The College of West Anglia has taken a number of safety measures in line with guidance to protect students from Covid-19 infection
The College of West Anglia has taken a number of safety measures in line with guidance to protect students from Covid-19 infection

A Lynn college student training to be a midwife said she has felt isolated at times as she has only been attending her campus once a week.

But for schools and universities, remote learning has been required to protect students and help reduce the spread of infection in what has been unprecedented circumstances.

The College of West Anglia [CWA] has taken a “blended learning approach” to most curriculum areas during the pandemic, in which students are in college on one or two days per week.

One CWA student said the measures taken by the college has ensured he has maintained consistent levels of achievement throughout the pandemic period.

All CWA English and maths lessons are delivered online due to Covid-19, but foundation courses, for example, all take place on campus face-to-face for those with learning difficulties and complex needs.

For those who are attending the campus, the college has installed hand sanitisers across the campuses and run a communication campaign to reinforce the washing of hands, maintaining social distance and wearing face masks.

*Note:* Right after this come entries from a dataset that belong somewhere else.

(* Let $\mathcal X$ and $\mathcal Y$ be polytopes with $p$ and $q$ vertices respectively, and let $\mathcal L(x,y)=x^\top My$ for a matrix $M$. Then the SP-FW algorithm with step size $\gamma_t=\frac1{t+1}$ satisfies $h(z^{(t)})=O\big(t^{-\frac1{p+q-2}}\big)$.
   Context: SP-FW algorithm: start from $z^{(0)}\in\mathcal X\times\mathcal Y$; at iteration $t$ compute $r^{(t)}:=(\nabla_x\mathcal L(z^{(t)}),-\nabla_y\mathcal L(z^{(t)}))$, $s^{(t)}\in\arg\min_{s\in\mathcal X\times\mathcal Y}\langle s,r^{(t)}\rangle$, and set $z^{(t+1)}:=(1-\gamma_t)z^{(t)}+\gamma_ts^{(t)}$. For $z=(x,y)$, $h(z):=\max_{y'\in\mathcal Y}\mathcal L(x,y')-\min_{x'\in\mathcal X}\mathcal L(x',y)$. *)

From HB Require Import structures.
From mathcomp Require Import all_boot all_order all_algebra.
From mathcomp Require Import all_classical all_reals all_analysis.
Set Implicit Arguments. Unset Strict Implicit. Unset Printing Implicit Defensive.
Import Order.TTheory GRing.Theory Num.Theory.
Local Open Scope classical_set_scope.
Local Open Scope ring_scope.

Section SPFW.
Variable R : realType.

Definition dotv (n : nat) (a b : 'cV[R]_n) : R := (a^T *m b) 0 0.

Definition conv_hull (n p : nat) (v : 'I_p -> 'cV[R]_n) : set 'cV[R]_n :=
  [set x | exists w : 'I_p -> R,
     (forall i, 0 <= w i) /\ \sum_(i < p) w i = 1 /\
     x = \sum_(i < p) w i *: v i].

A College of West Anglia (CWA) spokeswoman said: “We took a very careful approach to planning for the current academic year, trying to respond to the Government’s directive to deliver a full education to young people whilst ensuring we minimise the risk to both staff and students from Covid-19.”

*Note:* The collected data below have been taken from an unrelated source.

(* Let $\alpha>0$, $\sigma_A^2\ge0$, $\eta>0$, $q>0$, let $K^*(x)=\alpha x+\tfrac13[(2x+\alpha^2)^{3/2}-\alpha^3]$ and define \[ h(x)=K^*(x)-\eta\sqrt{2x+q^2}+\eta q,\qquad x\ge0. \] Assume $\nabla h(0)\ge0$. Then $h$ is convex and increasing on $\mathbb{R}_+$. Moreover, the diffusion Bellman error \[ \mathcal{E}^D_B(x)=\min_{u\ge0}\Bigl(x+\tfrac12u^2+(-u+\alpha)\nabla h(x)+\tfrac12\sigma_A^2\nabla^2h(x)\Bigr) \] is bounded over $x\in\mathbb{R}_+$, and $|\mathcal{E}^D_B(x)-\eta|=O\bigl((1+x)^{-1/2}\bigr)$ as $x\to\infty$.
   Context: This is the diffusion approximation of the speed scaling queue $X(t+1)=X(t)-U(t)+A(t+1)$ with cost $c(x,u)=x+\tfrac12u^2$, whose i.i.d. arrivals have mean $\alpha$ and variance $\sigma_A^2$; the diffusion generator is $\mathcal{D}^D_uh(x)=(-u+\alpha)\nabla h(x)+\tfrac12\sigma_A^2\nabla^2h(x)$. *)

From Stdlib Require Import Reals.
From Coquelicot Require Import Coquelicot.
Open Scope R_scope.

Definition Kstar (alpha x : R) : R :=
  alpha * x + / 3 * (Rpower (2 * x + alpha ^ 2) (3 / 2) - alpha ^ 3).

Definition hfun (alpha eta q : R) (x : R) : R :=
  Kstar alpha x - eta * sqrt (2 * x + q ^ 2) + eta * q.

Definition bellman_objective (alpha sigma2 : R) (h : R -> R) (x u : R) : R :=
  x + / 2 * u ^ 2 + (- u + alpha) * Derive h x
    + / 2 * sigma2 * Derive_n h 2 x.

Definition bellman_error (alpha sigma2 : R) (h : R -> R) (x : R) : R :=
  real (Glb_Rbar (fun y => exists u, 0 <= u /\ y = bellman_objective alpha sigma2 h x u)).

(* The derivative [h' x = alpha + sqrt (2x + alpha^2) - eta / sqrt (2x + q^2)] is
   increasing on [R_+], so [h' 0 >= 0] makes [h] convex and increasing. Since [h' >= 0],
   the minimum over [u >= 0] is attained at [u = h' x], where the objective is
   [x - h'^2/2 + alpha h' + sigma2/2 h'']. With [s = sqrt (2x + alpha^2)],
   [r = sqrt (2x + q^2)] and [x = (s^2 - alpha^2)/2] this equals
   [eta + eta (s - r)/r - eta^2/(2r^2) + sigma2/2 (1/s + eta/r^3)], and as
   [|s - r| <= alpha + q] the correction is [O(1/r + 1/s) = O((1+x)^(-1/2))]. *)
From Stdlib Require Import Reals Lra.
From Coquelicot Require Import Coquelicot.
Open Scope R_scope.

Lemma MVT_halfline (f f' : R -> R) (l u v : R) :
  (forall x, l <= x -> is_derive f x (f' x)) -> l <= u -> u < v ->
  exists c, u < c < v /\ f v - f u = f' c * (v - u).
Proof.
  intros Hf Hu Huv.
  destruct (MVT_cor2 f f' u v Huv) as [c [Heq Hc]].
  - intros c Hc. apply is_derive_Reals, Hf. lra.
  - exists c. split; assumption.
Qed.

Lemma MVT_halfline_le (f f' : R -> R) (l u v : R) :
  (forall x, l <= x -> is_derive f x (f' x)) -> l <= u -> u <= v ->
  exists c, u <= c <= v /\ f v - f u = f' c * (v - u).
Proof.
  intros Hf Hu Huv. destruct (Rle_lt_or_eq_dec u v Huv) as [Hlt | <-].
  - destruct (MVT_halfline f f' l u v Hf Hu Hlt) as [c [Hc Heq]].
    exists c. split; [lra | assumption].
  - exists u. split; [lra | ring].
Qed.

Lemma convex_of_derive_nondecreasing (f f' : R -> R) (l : R) :
  (forall x, l <= x -> is_derive f x (f' x)) ->
  (forall x y, l <= x -> x <= y -> f' x <= f' y) ->
  forall x y t, l <= x -> l <= y -> 0 <= t <= 1 ->
  f (t * x + (1 - t) * y) <= t * f x + (1 - t) * f y.
Proof.
  intros Hf Hmono.
  assert (Hwlog : forall x y t, l <= x -> x <= y -> 0 <= t <= 1 ->
            f (t * x + (1 - t) * y) <= t * f x + (1 - t) * f y).
  { intros x y t Hx Hxy Ht.
    set (z := t * x + (1 - t) * y).
    destruct (MVT_halfline_le f f' l x z Hf Hx) as [c1 [Hc1 E1]]; [unfold z; nra |].
    destruct (MVT_halfline_le f f' l z y Hf) as [c2 [Hc2 E2]]; [unfold z; nra .. |].
    assert (Hc12 : f' c1 <= f' c2) by (apply Hmono; lra).
    replace (z - x) with ((1 - t) * (y - x)) in E1 by (unfold z; ring).
    replace (y - z) with (t * (y - x)) in E2 by (unfold z; ring).
    assert (0 <= t * (1 - t) * (y - x) * (f' c2 - f' c1)).
    { repeat apply Rmult_le_pos; lra. }
    nra. }
  intros x y t Hx Hy Ht. destruct (Rle_dec x y) as [Hxy | Hyx].
  - apply Hwlog; assumption.
  - replace (t * x + (1 - t) * y) with ((1 - t) * y + (1 - (1 - t)) * x) by ring.
    replace (t * f x + (1 - t) * f y) with ((1 - t) * f y + (1 - (1 - t)) * f x) by ring.
    apply Hwlog; lra.
Qed.

Lemma increasing_of_derive_pos (f f' : R -> R) (l : R) :
  (forall x, l <= x -> is_derive f x (f' x)) ->
  (forall x, l < x -> 0 < f' x) ->
  forall x y, l <= x -> x < y -> f x < f y.
Proof.
  intros Hf Hpos x y Hx Hxy.
  destruct (MVT_halfline f f' l x y Hf Hx Hxy) as [c [Hc Heq]].
  assert (0 < f' c * (y - x)) by (apply Rmult_lt_0_compat; [apply Hpos | ]; lra).
  lra.
Qed.

Lemma Glb_Rbar_attained (f : R -> R) (u0 : R) :
  0 <= u0 -> (forall u, 0 <= u -> f u0 <= f u) ->
  Glb_Rbar (fun y => exists u, 0 <= u /\ y = f u) = Finite (f u0).
Proof.
  intros Hu0 Hmin. apply is_glb_Rbar_unique. split.
  - intros y [u [Hu ->]]. apply Hmin, Hu.
  - intros b Hb. apply Hb. exists u0. split; [exact Hu0 | reflexivity].
Qed.

Lemma bellman_error_nonneg_slope (alpha sigma2 : R) (h : R -> R) (x : R) :
  0 <= Derive h x ->
  bellman_error alpha sigma2 h x =
  x - / 2 * Derive h x ^ 2 + alpha * Derive h x + / 2 * sigma2 * Derive_n h 2 x.
Proof.
  intros Hd. unfold bellman_error.
  rewrite (Glb_Rbar_attained _ (Derive h x)); [unfold bellman_objective; cbn [real]; field | exact Hd |].
  intros u Hu. unfold bellman_objective.
  assert (0 <= (u - Derive h x) ^ 2) by apply pow2_ge_0.
  nra.
Qed.

Definition hfun_der (alpha eta q x : R) : R :=
  alpha + sqrt (2 * x + alpha ^ 2) - eta / sqrt (2 * x + q ^ 2).

Definition hfun_der2 (alpha eta q x : R) : R :=
  / sqrt (2 * x + alpha ^ 2) + eta / sqrt (2 * x + q ^ 2) ^ 3.

Lemma is_derive_Rpower_3_2 (z : R) :
  0 < z -> is_derive (fun x => Rpower x (3 / 2)) z (3 / 2 * sqrt z).
Proof.
  intros Hz. apply is_derive_Reals.
  rewrite <- Rpower_sqrt by exact Hz.
  replace (/ 2) with (3 / 2 - 1) by field.
  apply derivable_pt_lim_power, Hz.
Qed.

Lemma is_derive_hfun (alpha eta q x : R) :
  0 < 2 * x + alpha ^ 2 -> 0 < 2 * x + q ^ 2 ->
  is_derive (hfun alpha eta q) x (hfun_der alpha eta q x).
Proof.
  intros Ha Hq. unfold hfun, Kstar, hfun_der.
  auto_derive.
  - repeat split; [eexists; apply is_derive_Rpower_3_2; simpl in Ha; lra | simpl in Hq; lra].
  - erewrite is_derive_unique by (apply is_derive_Rpower_3_2; simpl in Ha; lra).
    assert (0 < sqrt (2 * x + q ^ 2)) by (apply sqrt_lt_R0; exact Hq).
    simpl. field. simpl in *. lra.
Qed.

Lemma Derive_hfun (alpha eta q x : R) :
  0 < 2 * x + alpha ^ 2 -> 0 < 2 * x + q ^ 2 ->
  Derive (hfun alpha eta q) x = hfun_der alpha eta q x.
Proof. intros Ha Hq. apply is_derive_unique, is_derive_hfun; assumption. Qed.

Lemma Derive_n_hfun_2 (alpha eta q x : R) :
  0 < 2 * x + alpha ^ 2 -> 0 < 2 * x + q ^ 2 ->
  Derive_n (hfun alpha eta q) 2 x = hfun_der2 alpha eta q x.
Proof.
  intros Ha Hq. simpl Derive_n.
  assert (Hnear : locally x (fun t => - alpha ^ 2 / 2 < t /\ - q ^ 2 / 2 < t)).
  { apply filter_and; apply open_gt; lra. }
  rewrite (Derive_ext_loc _ (hfun_der alpha eta q)).
  - apply is_derive_unique. unfold hfun_der, hfun_der2. simpl in Ha, Hq.
    assert (0 < sqrt (2 * x + alpha * (alpha * 1))) by (apply sqrt_lt_R0; exact Ha).
    assert (0 < sqrt (2 * x + q * (q * 1))) by (apply sqrt_lt_R0; exact Hq).
    auto_derive.
    + repeat split; lra.
    + simpl. field. lra.
  - revert Hnear. apply filter_imp. intros t [Hta Htq]. apply Derive_hfun; lra.
Qed.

The practical measures also include re-organising all teaching spaces to ensure classroom seating was suitably social distanced in line with measures.

Within the classroom, teachers stay within a defined area two metres away from students and wear a face covering if needed to work at closer contact. Classroom support workers wear suitable PPE according to their role.

The CWA spokeswoman added: “The impact of these measures has been to reduce the need for students and staff to isolate as a result of someone else testing positive. So, in contrast to many schools, we have had to stand down relatively small numbers of students and staff for self-isolation purposes.”

Many support services operate virtually such as telephone and video counselling sessions. Welfare staff offer a mixture of face-to-face and virtual meetings.

Jacob Morton, who is a student governor at the CWA, said he has achieved the same results he was predicted before the pandemic.

He said: “When the pandemic hit, it was obviously a huge and sudden change to the way in which we learn, going from a classroom to a computer screen.

“Of course distance learning will never have the same impact as face-to-face, and so since the new school year started in September, the college has been increasing our time on-campus, which I know we were all very pleased and grateful about.”

He added: “I feel that the way the college has approached the situation has been important for ensuring that I’m not at a disadvantage to previous, or future, year groups.”

"I know that the college has also provided much-needed resources to those for whom these aren’t readily available due to personal circumstances, so that no student is disadvantaged."

The Lynn News conducted a poll in which nearly 74 per cent of respondees said they have found their education to be tough going during the pandemic. Just over 26 per cent said not much has changed due to the level of resources on offer.